The Dow Jones Industrial Average dipped 6.62 points (0.04 per cent) to 17,862.14.
The broad-based S&P 500 was essentially flat, slipping a scant 0.06 to 2,068.53, while the tech-rich Nasdaq Composite Index added 13.54 (0.28 per cent) at 4,801.18.
Eurozone finance ministers heading into an emergency meeting in Brussels said they were ready to listen to Greece's plans for debt relief, but insisted that it must complete austerity reforms.
Investors were hesitant to make big bets with the Greece talks ongoing.
"It's just a back-and-forth day without a lot going on, because everybody is waiting to see what happens on Greece," said Brent Schutte, market strategist at BMO Global Asset Management.

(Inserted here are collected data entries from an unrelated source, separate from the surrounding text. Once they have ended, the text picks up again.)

(* w is a solution on [0,oo) of  L(w) + e^w = 0,  w(0) = rho,  w'(0) = 0,
   where L(u)(r) = r^{-gamma} (r^alpha |u'|^beta u')'.
   - w(0) = rho;
   - the right derivative of w at 0 exists and equals 0;
   - w is differentiable on (0,oo);
   - the flux r^alpha |w'|^beta w' is differentiable on (0,oo) and
     r^{-gamma} (flux)'(r) + e^{w(r)} = 0 for r > 0. *)
Definition is_solution (alpha beta gamma rho : R) (w : R -> R) : Prop :=
  w 0 = rho /\
  filterlim (fun h => (w h - w 0) / h) (at_right 0) (locally 0) /\
  (forall r, 0 < r -> ex_derive w r) /\
  (forall r, 0 < r -> ex_derive (flux alpha beta w) r /\
     Rpower r (- gamma) * Derive (flux alpha beta w) r + exp (w r) = 0).

Definition wstar (alpha beta gamma : R) (s : R) : R :=
  ln (Rpower (theta alpha beta gamma) (beta + 1) * (alpha - beta - 1))
  - theta alpha beta gamma * ln s.

Definition finite_set (P : R -> Prop) : Prop :=
  exists l : list R, forall s, P s -> In s l.

(** The Emden-Fowler substitution  r = e^t,
      v(t) = w(e^t) - w*(e^t),   Q(t) = - r^alpha |w'|^beta w' (e^t) e^(-(alpha-beta-1) t),
    turns the radial equation into the autonomous planar system
      v' = theta - Q^(1/m),   Q' = c (theta^m e^v - Q),   m = beta+1, c = alpha-beta-1,
    with the single equilibrium (0, theta^m), and zeros of w - w* become zeros of v.
    - A Lyapunov function E with E' = -c (Q^(1/m) - theta)(Q - theta^m) <= 0 gives
      a priori bounds; a Barbalat argument then yields (v, Q) -> equilibrium.
    - Near the equilibrium the slope (theta - Q^(1/m))/v obeys a Riccati inequality
      r' <= -eta (1 + r^2) between zeros of v exactly when c m < 4 theta; comparing
      with atan shows that v has zeros beyond every time (infinitely many zeros).
    - A backward Gronwall estimate shows the equilibrium is never reached, so zeros
      of v are isolated; since v < 0 near -oo (w is bounded at 0+ while w* blows up),
      only finitely many zeros lie in every (-oo, T] (finitely many zeros in (0, R]).
    The file develops general calculus and ODE lemmas first, then the planar system,
    then the change of variables, and finally the theorem. *)

From Stdlib Require Import Reals Lra List Classical.
From Coquelicot Require Import Coquelicot.
Open Scope R_scope.

(** Derivative rules, restated with the derivative in the exact shape
    produced by pointwise operations so that they chain with [apply]. *)

Lemma D_ext (f : R -> R) (x a b : R) : is_derive f x a -> a = b -> is_derive f x b.
Proof. intros H ->; exact H. Qed.

Lemma D_plus (f g : R -> R) (x a b : R) : is_derive f x a -> is_derive g x b ->
  is_derive (fun t => f t + g t) x (a + b).
Proof. intros; now apply (is_derive_plus f g). Qed.

Lemma D_minus (f g : R -> R) (x a b : R) : is_derive f x a -> is_derive g x b ->
  is_derive (fun t => f t - g t) x (a - b).
Proof. intros; now apply (is_derive_minus f g). Qed.

Lemma D_opp (f : R -> R) (x a : R) : is_derive f x a -> is_derive (fun t => - f t) x (- a).
Proof. intros; now apply (is_derive_opp f). Qed.

Lemma D_mult (f g : R -> R) (x a b : R) : is_derive f x a -> is_derive g x b ->
  is_derive (fun t => f t * g t) x (a * g x + f x * b).
Proof. intros. apply (is_derive_mult f g); auto. intros; apply Rmult_comm. Qed.

Lemma D_scal (f : R -> R) (x k a : R) : is_derive f x a ->
  is_derive (fun t => k * f t) x (k * a).
Proof. apply is_derive_scal. Qed.

Lemma D_comp (f g : R -> R) (x a b : R) : is_derive f (g x) a -> is_derive g x b ->
  is_derive (fun t => f (g t)) x (b * a).
Proof. intros; now apply (is_derive_comp f g). Qed.

Lemma D_const (k x : R) : is_derive (fun _ => k) x 0.
Proof. apply (is_derive_const k x). Qed.

Lemma D_id (x : R) : is_derive (fun t => t) x 1.
Proof. apply (is_derive_id x). Qed.

Lemma D_exp (x : R) : is_derive exp x (exp x).
Proof. apply is_derive_exp. Qed.

Lemma D_rpow (x y : R) : 0 < x -> is_derive (fun t => Rpower t y) x (y * Rpower x (y - 1)).
Proof. intros; apply is_derive_Reals; now apply derivable_pt_lim_power. Qed.

Lemma D_atan (x : R) : is_derive atan x (/ (1 + x ^ 2)).
Proof. apply is_derive_Reals, derivable_pt_lim_atan. Qed.

Lemma D_cont (f : R -> R) (x a : R) : is_derive f x a -> continuity_pt f x.
Proof.
  intros H. apply continuity_pt_filterlim, (ex_derive_continuous f x). now exists a.
Qed.

Lemma exp_le x y : x <= y -> exp x <= exp y.
Proof.
  intros H; destruct (Rle_lt_or_eq_dec _ _ H) as [H'|<-];
    [apply Rlt_le, exp_increasing; auto | lra].
Qed.

Lemma Rpower_pos x y : 0 < Rpower x y.
Proof. apply exp_pos. Qed.

Lemma Rpower_le_neg a b y : y <= 0 -> 0 < a <= b -> Rpower b y <= Rpower a y.
Proof.
  intros Hy [Ha Hab]. apply exp_le. pose proof (ln_le a b Ha Hab). nra.
Qed.

Lemma Rpower_inv_pow x m : 0 < x -> 0 < m -> Rpower (Rpower x m) (/ m) = x.
Proof. intros. rewrite Rpower_mult, Rinv_r by lra. now apply Rpower_1. Qed.

Lemma Rpower_pow_inv x m : 0 < x -> 0 < m -> Rpower (Rpower x (/ m)) m = x.
Proof. intros. rewrite Rpower_mult, Rinv_l by lra. now apply Rpower_1. Qed.

Lemma Rpower_plus1 x y : 0 < x -> Rpower x (y + 1) = Rpower x y * x.
Proof. intros. rewrite Rpower_plus, Rpower_1; auto. Qed.

Lemma Rpower_exp t y : Rpower (exp t) y = exp (y * t).
Proof. unfold Rpower. now rewrite ln_exp. Qed.

Lemma Rpower_opp_mul x y : 0 < x -> Rpower x (- y) * Rpower x y = 1.
Proof. intros. rewrite <- Rpower_plus, Rplus_opp_l. now apply Rpower_O. Qed.

Lemma exp_gap_nonneg x : 0 <= exp x - 1 - x.
Proof. pose proof (exp_ineq1_le x). lra. Qed.

Lemma exp_gap_ge_abs x : Rabs x - 1 <= exp x - 1 - x.
Proof.
  destruct (Rle_dec 0 x).
  - rewrite Rabs_right by lra.
    replace (exp x) with (exp (x/2) * exp (x/2)) by (rewrite <- exp_plus; f_equal; field).
    pose proof (exp_ineq1_le (x/2)).
    assert ((1 + x/2) * (1 + x/2) <= exp (x/2) * exp (x/2)) by (apply Rmult_le_compat; lra).
    assert (0 <= (1 - x/2) * (1 - x/2)) by apply Rle_0_sqr. lra.
  - rewrite Rabs_left by lra. pose proof (exp_pos x). lra.
Qed.

Lemma two_abs_mult_le a b : 2 * (Rabs a * Rabs b) <= a * a + b * b.
Proof.
  assert (Ha : a * a = Rabs a * Rabs a)
    by (rewrite <- Rabs_mult; symmetry; apply Rabs_pos_eq; nra).
  assert (Hb : b * b = Rabs b * Rabs b)
    by (rewrite <- Rabs_mult; symmetry; apply Rabs_pos_eq; nra).
  rewrite Ha, Hb.
  assert (0 <= (Rabs a - Rabs b) * (Rabs a - Rabs b)) by apply Rle_0_sqr. nra.
Qed.

Lemma opp_abs_mult_le a b : - (Rabs a * Rabs b) <= a * b.
Proof. rewrite <- Rabs_mult. pose proof (Rle_abs (- (a * b))). rewrite Rabs_Ropp in H. lra. Qed.

Lemma mvt (f df : R -> R) a b : a <= b ->
  (forall x, a <= x <= b -> is_derive f x (df x)) ->
  exists c, a <= c <= b /\ f b - f a = df c * (b - a).
Proof.
  intros Hab Hd. destruct (MVT_gen f a b df) as [c [Hc Heq]].
  - intros x Hx. rewrite Rmin_left, Rmax_right in Hx by lra. apply Hd; lra.
  - intros x Hx. rewrite Rmin_left, Rmax_right in Hx by lra.
    apply (D_cont f x (df x)), Hd; lra.
  - exists c. rewrite Rmin_left, Rmax_right in Hc by lra. auto.
Qed.

Lemma mvt2 (f df : R -> R) a b :
  (forall x, Rmin a b <= x <= Rmax a b -> is_derive f x (df x)) ->
  exists c, Rmin a b <= c <= Rmax a b /\ f b - f a = df c * (b - a).
Proof.
  intros Hd. destruct (Rle_dec a b) as [H|H].
  - rewrite Rmin_left, Rmax_right in * by lra. now apply mvt.
  - rewrite Rmin_right, Rmax_left in * by lra.
    destruct (mvt f df b a) as [c [Hc He]]; try lra; auto.
    exists c; split; auto. lra.
Qed.

Lemma mono_le (f df : R -> R) a b : a <= b ->
  (forall x, a <= x <= b -> is_derive f x (df x)) ->
  (forall x, a <= x <= b -> 0 <= df x) -> f a <= f b.
Proof.
  intros Hab Hd Hp. destruct (mvt f df a b Hab Hd) as [c [Hc He]].
  specialize (Hp c Hc). nra.
Qed.

Lemma anti_le (f df : R -> R) a b : a <= b ->
  (forall x, a <= x <= b -> is_derive f x (df x)) ->
  (forall x, a <= x <= b -> df x <= 0) -> f b <= f a.
Proof.
  intros Hab Hd Hp. destruct (mvt f df a b Hab Hd) as [c [Hc He]].
  specialize (Hp c Hc). nra.
Qed.

Lemma mono_lt (f df : R -> R) a b : a < b ->
  (forall x, a <= x <= b -> is_derive f x (df x)) ->
  (forall x, a <= x <= b -> 0 < df x) -> f a < f b.
Proof.
  intros Hab Hd Hp. destruct (mvt f df a b (Rlt_le _ _ Hab) Hd) as [c [Hc He]].
  specialize (Hp c Hc). nra.
Qed.

Lemma cont_eps (f : R -> R) x : continuity_pt f x -> forall eps, 0 < eps ->
  exists delta, 0 < delta /\ forall y, Rabs (y - x) < delta -> Rabs (f y - f x) < eps.
Proof.
  intros H eps Heps. apply continuity_pt_filterlim in H.
  destruct (proj1 (filterlim_locally f (f x)) H (mkposreal eps Heps)) as [d Hd].
  exists d; split; [apply cond_pos|]. intros y Hy. apply (Hd y). exact Hy.
Qed.

Lemma eventual_sign (f : R -> R) T eta : continuity f ->
  (forall t, T <= t -> eta <= Rabs (f t)) -> 0 < eta ->
  (forall t, T <= t -> eta <= f t) \/ (forall t, T <= t -> f t <= - eta).
Proof.
  intros Hc Hf Heta.
  assert (Hnz : forall t, T <= t -> f t <> 0).
  { intros t Ht H0. specialize (Hf t Ht). rewrite H0, Rabs_R0 in Hf. lra. }
  assert (Hsame : forall t, T <= t -> 0 < f T * f t).
  { intros t Ht. apply Rnot_le_lt; intros Hle.
    destruct (IVT_gen f T t 0 Hc) as [x [Hx Hfx]].
    - destruct (Rlt_or_le 0 (f T)).
      + assert (f t <= 0) by nra.
        split; [pose proof (Rmin_r (f T) (f t))|pose proof (Rmax_l (f T) (f t))]; lra.
      + assert (0 <= f t) by (pose proof (Hnz T (Rle_refl T)); nra).
        split; [pose proof (Rmin_l (f T) (f t))|pose proof (Rmax_r (f T) (f t))]; lra.
    - rewrite Rmin_left, Rmax_right in Hx by lra. exact (Hnz x ltac:(lra) Hfx). }
  destruct (Rlt_or_le 0 (f T)) as [Hp|Hn]; [left|right]; intros t Ht;
    specialize (Hf t Ht); specialize (Hsame t Ht).
  - assert (0 < f t) by nra. rewrite Rabs_right in Hf; lra.
  - assert (f t < 0) by nra. rewrite Rabs_left in Hf; lra.
Qed.

Lemma inf_exists (S : R -> Prop) lb x0 : (forall x, S x -> lb <= x) -> S x0 ->
  exists s, (forall x, S x -> s <= x) /\ (forall e, 0 < e -> exists x, S x /\ x < s + e).
Proof.
  intros Hlb Hx0. set (S' := fun y => S (- y)).
  assert (Hb : bound S'). { exists (- lb). intros y Hy. specialize (Hlb _ Hy). lra. }
  assert (Hne : exists y, S' y). { exists (- x0). unfold S'. now rewrite Ropp_involutive. }
  destruct (completeness S' Hb Hne) as [M [HM1 HM2]].
  exists (- M). split.
  - intros x Hx. assert (- x <= M); [|lra]. apply HM1. unfold S'. now rewrite Ropp_involutive.
  - intros e He. apply NNPP; intros Hn.
    assert (M <= M - e); [|lra]. apply HM2. intros y Hy.
    destruct (Rle_dec y (M - e)); auto. exfalso; apply Hn. exists (- y); split; auto. lra.
Qed.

Beverage and snacks giant PepsiCo advanced 2.5 per cent after reporting fourth-quarter earnings of US$1.12 per share, four cents ahead of analyst expectations. The company also announced a new share repurchase programme of up to US$12 billion to start in July.
One day after becoming the first company worth over US$700 billion, Apple rose another 2.3 per cent as activist shareholder Carl Icahn revived his call for the company to buy back more stock.
Food company Mondelez International gained 2.6 per cent as 2014 profit climbed 8.9 per cent to US$3 billion thanks in part to cost-cutting initiatives. The company warned the strong dollar will drag on results in 2015.
Furniture and housewares chain Pier 1 Imports slumped 24.3 per cent after it disclosed that holiday shopping results were "well below" expectations. It also announced that chief financial officer Charles Turner was retiring and would be replaced by Laura Coffey, a 17-year veteran of the company.
Bond prices were mixed. The yield on the 10-year US Treasury rose to 2.00 per cent from 1.99 per cent Tuesday, while the 30-year fell to 2.57 per cent from 2.58 per cent. Bond prices and yields move inversely.